• INSTRUCTIONS FOR THE TASK: Count lines, not occurrences: report how many lines in the records hold the string "lastmax", and nothing else.

• Stored data entries:

= = = = = = =

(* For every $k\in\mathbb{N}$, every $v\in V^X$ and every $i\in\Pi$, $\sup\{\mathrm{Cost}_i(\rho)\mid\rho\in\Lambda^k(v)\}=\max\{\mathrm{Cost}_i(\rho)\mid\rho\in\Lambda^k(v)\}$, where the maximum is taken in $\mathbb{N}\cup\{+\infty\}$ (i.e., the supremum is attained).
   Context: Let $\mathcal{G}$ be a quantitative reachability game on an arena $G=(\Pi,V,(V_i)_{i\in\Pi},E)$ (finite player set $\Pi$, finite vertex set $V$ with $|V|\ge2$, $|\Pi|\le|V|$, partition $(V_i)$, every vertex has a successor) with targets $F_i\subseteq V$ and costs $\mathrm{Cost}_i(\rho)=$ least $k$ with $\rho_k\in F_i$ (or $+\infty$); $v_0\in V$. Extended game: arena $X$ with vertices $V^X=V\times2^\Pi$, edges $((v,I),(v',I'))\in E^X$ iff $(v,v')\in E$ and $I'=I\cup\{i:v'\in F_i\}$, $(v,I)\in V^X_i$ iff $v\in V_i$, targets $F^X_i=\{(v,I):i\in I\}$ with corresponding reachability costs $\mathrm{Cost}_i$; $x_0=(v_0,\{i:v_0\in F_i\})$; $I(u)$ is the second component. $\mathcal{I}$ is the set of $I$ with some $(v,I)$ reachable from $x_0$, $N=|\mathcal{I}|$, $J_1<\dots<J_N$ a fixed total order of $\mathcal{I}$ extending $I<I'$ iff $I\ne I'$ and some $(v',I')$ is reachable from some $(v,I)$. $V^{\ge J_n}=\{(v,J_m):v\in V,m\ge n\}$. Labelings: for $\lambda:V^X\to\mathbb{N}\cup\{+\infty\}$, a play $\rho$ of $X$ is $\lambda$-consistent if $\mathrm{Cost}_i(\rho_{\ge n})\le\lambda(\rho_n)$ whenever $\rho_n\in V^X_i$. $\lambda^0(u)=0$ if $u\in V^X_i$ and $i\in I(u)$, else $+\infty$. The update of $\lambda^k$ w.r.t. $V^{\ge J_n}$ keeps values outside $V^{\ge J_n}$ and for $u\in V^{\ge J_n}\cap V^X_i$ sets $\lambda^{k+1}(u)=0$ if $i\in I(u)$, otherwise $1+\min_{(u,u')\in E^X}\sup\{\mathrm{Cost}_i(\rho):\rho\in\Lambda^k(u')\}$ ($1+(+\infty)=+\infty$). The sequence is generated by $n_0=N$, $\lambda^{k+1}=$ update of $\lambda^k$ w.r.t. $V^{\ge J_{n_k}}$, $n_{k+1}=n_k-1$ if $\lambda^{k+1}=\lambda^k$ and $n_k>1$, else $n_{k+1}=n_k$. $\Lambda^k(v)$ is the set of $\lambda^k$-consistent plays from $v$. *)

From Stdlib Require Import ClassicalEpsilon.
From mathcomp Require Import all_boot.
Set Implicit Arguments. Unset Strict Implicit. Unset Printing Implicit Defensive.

= = = = = = =

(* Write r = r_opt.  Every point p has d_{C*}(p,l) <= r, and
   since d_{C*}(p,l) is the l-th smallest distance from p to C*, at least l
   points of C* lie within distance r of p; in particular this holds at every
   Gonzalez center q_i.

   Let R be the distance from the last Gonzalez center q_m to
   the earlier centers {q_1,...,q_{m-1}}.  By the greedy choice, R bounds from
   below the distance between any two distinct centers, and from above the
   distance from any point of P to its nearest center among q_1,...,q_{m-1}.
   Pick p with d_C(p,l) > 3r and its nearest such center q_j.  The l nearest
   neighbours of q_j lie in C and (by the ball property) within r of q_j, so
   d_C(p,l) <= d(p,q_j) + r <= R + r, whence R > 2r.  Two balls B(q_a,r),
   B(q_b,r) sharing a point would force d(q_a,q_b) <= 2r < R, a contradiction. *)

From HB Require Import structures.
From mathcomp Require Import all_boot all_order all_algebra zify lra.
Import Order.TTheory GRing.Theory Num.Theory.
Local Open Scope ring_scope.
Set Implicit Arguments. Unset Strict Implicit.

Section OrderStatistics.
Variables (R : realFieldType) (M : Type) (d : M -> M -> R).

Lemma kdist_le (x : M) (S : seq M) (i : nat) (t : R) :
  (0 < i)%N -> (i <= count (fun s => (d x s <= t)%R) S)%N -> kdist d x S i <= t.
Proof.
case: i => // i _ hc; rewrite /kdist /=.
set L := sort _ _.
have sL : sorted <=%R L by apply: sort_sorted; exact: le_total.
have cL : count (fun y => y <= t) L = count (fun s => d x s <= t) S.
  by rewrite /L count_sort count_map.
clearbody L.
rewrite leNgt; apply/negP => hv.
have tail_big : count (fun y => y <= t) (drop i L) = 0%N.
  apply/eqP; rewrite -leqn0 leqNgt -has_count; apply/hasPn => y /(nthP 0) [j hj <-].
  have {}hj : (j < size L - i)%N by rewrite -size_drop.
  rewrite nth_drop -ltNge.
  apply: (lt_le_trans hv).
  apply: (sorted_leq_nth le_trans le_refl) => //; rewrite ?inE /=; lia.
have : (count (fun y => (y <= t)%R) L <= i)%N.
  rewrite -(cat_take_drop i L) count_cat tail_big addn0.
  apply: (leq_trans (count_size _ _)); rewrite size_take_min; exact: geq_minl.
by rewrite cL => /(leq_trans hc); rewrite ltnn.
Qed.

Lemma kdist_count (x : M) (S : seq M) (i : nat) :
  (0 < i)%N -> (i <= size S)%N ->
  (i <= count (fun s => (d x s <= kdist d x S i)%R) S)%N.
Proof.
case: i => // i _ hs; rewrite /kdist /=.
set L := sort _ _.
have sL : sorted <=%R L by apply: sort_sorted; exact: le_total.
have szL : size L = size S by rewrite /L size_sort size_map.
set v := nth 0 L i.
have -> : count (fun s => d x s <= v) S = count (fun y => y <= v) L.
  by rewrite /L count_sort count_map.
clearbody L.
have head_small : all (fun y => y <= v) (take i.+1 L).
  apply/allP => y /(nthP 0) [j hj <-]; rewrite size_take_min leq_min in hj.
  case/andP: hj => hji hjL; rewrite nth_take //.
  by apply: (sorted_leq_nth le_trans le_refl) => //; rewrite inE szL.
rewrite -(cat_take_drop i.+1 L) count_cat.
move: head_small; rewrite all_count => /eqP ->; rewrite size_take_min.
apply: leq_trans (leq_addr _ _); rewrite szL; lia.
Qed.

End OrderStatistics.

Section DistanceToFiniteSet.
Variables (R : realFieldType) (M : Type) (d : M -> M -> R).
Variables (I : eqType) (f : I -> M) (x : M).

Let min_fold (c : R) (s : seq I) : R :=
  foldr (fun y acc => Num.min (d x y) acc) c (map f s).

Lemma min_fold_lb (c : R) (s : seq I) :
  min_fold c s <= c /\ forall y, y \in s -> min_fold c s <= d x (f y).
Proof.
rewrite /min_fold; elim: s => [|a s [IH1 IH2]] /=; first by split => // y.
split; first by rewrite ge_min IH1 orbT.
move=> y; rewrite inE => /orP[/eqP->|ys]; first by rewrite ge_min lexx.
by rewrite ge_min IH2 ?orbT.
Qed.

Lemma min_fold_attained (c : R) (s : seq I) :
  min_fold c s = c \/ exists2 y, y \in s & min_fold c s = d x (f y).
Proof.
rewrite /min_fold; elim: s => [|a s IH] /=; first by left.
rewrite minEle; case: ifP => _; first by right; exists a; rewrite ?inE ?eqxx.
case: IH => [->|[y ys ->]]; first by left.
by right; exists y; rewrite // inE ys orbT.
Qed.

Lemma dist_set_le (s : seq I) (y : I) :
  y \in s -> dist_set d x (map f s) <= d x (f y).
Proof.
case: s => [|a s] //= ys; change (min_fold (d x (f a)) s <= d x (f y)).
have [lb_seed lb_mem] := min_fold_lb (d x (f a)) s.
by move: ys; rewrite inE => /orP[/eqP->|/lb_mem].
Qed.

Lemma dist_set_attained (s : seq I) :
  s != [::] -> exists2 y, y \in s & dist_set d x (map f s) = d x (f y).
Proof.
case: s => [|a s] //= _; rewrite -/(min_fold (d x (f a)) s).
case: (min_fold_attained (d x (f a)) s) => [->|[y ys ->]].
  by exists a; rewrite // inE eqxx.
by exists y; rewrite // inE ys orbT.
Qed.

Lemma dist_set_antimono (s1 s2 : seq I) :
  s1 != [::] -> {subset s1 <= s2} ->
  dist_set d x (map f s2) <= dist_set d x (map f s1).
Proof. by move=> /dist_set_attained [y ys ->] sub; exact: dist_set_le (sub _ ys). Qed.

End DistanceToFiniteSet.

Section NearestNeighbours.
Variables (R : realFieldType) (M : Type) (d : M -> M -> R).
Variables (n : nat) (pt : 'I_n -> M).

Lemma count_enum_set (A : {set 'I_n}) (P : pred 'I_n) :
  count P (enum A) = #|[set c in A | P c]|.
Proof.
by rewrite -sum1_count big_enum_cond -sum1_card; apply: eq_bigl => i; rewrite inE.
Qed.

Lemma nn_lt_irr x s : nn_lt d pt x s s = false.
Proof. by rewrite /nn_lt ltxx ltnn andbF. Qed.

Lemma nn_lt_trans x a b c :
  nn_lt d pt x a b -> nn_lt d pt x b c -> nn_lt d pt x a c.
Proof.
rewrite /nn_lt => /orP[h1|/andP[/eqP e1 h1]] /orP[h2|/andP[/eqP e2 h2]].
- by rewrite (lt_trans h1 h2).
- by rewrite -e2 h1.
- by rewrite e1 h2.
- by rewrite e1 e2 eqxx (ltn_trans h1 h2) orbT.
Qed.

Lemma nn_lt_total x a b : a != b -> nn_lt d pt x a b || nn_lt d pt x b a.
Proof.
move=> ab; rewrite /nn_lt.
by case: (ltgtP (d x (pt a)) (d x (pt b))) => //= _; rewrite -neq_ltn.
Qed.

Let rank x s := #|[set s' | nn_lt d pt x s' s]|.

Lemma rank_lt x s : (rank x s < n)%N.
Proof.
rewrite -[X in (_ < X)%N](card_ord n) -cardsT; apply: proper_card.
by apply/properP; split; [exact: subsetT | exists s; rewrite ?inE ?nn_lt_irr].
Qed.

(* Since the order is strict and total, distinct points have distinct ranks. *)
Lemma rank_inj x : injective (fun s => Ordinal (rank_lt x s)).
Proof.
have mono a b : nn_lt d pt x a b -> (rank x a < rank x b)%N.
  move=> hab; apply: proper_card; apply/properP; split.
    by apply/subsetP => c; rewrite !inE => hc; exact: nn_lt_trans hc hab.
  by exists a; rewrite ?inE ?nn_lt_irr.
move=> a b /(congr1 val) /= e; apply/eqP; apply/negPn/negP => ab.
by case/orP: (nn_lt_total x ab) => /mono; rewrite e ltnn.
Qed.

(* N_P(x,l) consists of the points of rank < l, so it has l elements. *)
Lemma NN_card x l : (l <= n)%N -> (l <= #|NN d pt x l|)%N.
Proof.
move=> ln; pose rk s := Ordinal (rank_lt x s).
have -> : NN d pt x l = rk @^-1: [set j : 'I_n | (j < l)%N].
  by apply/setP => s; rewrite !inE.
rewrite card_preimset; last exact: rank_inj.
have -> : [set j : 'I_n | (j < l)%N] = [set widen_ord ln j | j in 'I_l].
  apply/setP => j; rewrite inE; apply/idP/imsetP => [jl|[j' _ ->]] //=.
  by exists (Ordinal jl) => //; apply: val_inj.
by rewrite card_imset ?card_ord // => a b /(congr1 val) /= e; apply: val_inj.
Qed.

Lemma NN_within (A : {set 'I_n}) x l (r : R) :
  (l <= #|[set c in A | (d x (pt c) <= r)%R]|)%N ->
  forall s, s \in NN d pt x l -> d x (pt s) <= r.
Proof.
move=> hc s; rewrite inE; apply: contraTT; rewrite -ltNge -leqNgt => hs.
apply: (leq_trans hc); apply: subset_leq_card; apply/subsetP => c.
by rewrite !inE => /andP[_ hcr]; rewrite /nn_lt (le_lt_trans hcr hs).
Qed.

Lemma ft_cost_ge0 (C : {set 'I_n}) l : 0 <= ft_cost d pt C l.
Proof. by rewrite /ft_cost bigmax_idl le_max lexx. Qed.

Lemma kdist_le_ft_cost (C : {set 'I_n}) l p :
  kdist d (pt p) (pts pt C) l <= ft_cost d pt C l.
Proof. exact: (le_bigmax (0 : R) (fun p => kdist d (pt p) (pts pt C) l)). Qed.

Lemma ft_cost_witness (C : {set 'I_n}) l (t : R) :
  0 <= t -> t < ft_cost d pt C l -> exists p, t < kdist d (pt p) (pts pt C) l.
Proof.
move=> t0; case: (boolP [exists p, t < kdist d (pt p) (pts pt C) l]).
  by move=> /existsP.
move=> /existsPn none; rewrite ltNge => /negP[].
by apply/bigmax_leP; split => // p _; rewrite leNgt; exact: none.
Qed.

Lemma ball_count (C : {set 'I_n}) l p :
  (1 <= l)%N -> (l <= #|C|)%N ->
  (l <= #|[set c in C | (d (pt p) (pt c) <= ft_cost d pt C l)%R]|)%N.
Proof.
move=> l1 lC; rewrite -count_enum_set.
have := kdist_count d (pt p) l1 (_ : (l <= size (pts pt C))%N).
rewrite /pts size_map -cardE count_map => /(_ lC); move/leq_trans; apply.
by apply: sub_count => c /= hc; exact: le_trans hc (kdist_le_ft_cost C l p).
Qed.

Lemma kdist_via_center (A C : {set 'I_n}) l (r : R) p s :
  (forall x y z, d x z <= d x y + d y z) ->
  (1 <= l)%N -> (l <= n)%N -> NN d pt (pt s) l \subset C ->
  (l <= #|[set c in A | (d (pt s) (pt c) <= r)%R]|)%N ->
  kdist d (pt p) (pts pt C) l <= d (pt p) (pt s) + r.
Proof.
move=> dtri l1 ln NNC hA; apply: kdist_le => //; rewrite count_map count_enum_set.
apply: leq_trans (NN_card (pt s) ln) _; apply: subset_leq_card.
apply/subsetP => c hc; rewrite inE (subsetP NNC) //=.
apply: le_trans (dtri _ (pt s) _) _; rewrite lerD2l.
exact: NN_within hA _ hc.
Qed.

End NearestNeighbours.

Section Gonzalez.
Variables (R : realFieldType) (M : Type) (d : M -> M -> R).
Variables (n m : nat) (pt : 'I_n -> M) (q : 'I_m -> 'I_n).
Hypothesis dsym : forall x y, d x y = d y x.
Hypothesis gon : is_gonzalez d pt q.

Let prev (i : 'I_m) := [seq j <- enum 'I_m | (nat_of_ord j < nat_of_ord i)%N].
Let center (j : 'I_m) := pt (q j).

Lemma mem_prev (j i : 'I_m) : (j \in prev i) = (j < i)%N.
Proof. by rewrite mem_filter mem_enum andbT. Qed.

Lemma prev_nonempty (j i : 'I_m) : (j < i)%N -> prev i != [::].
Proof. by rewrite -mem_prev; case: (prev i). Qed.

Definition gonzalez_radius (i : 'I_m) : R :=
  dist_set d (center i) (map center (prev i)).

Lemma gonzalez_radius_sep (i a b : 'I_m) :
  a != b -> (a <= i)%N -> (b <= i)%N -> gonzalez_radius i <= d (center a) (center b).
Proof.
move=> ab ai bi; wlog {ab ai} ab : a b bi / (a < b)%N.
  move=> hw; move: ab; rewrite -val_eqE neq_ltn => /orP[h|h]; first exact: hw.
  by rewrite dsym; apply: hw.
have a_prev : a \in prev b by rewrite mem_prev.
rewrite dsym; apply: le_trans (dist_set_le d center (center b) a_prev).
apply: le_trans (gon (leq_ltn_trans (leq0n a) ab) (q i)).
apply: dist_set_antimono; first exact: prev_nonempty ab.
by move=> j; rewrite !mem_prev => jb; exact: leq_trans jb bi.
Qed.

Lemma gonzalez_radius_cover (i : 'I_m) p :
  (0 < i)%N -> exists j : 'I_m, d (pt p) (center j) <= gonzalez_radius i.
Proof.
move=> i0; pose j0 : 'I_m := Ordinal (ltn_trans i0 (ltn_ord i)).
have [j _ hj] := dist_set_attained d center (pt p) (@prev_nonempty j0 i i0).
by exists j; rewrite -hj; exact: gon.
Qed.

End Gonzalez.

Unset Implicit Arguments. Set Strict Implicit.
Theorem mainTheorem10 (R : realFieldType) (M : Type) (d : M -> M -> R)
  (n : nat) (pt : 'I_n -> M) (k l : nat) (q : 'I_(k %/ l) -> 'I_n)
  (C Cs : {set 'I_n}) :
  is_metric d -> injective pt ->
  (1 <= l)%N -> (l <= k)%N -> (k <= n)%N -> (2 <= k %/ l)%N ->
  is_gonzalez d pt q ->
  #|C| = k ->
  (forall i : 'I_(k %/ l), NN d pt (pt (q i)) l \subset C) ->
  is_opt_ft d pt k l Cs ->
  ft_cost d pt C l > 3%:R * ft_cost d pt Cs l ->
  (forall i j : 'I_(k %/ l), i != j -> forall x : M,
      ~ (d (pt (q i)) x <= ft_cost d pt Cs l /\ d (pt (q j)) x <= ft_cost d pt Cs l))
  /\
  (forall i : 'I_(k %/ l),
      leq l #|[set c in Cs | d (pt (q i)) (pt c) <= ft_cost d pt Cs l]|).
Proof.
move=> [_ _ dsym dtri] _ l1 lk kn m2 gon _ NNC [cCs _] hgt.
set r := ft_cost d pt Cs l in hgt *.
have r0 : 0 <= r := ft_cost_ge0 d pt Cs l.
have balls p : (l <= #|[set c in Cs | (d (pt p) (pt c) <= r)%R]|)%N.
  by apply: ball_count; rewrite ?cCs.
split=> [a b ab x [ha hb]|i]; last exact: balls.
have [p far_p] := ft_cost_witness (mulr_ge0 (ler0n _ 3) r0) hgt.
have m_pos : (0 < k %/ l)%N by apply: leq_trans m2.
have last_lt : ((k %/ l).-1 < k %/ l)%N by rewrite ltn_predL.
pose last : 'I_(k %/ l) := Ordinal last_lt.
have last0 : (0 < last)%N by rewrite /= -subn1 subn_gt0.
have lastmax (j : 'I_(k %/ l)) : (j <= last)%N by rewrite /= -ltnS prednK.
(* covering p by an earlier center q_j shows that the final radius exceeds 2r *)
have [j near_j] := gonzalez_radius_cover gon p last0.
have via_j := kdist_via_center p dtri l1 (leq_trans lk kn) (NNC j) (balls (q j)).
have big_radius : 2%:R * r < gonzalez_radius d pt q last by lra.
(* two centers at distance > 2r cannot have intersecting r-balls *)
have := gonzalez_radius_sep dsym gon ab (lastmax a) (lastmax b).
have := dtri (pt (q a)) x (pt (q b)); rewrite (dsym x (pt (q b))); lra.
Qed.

= = = = = = =

• EXERCISE SOLUTION: 2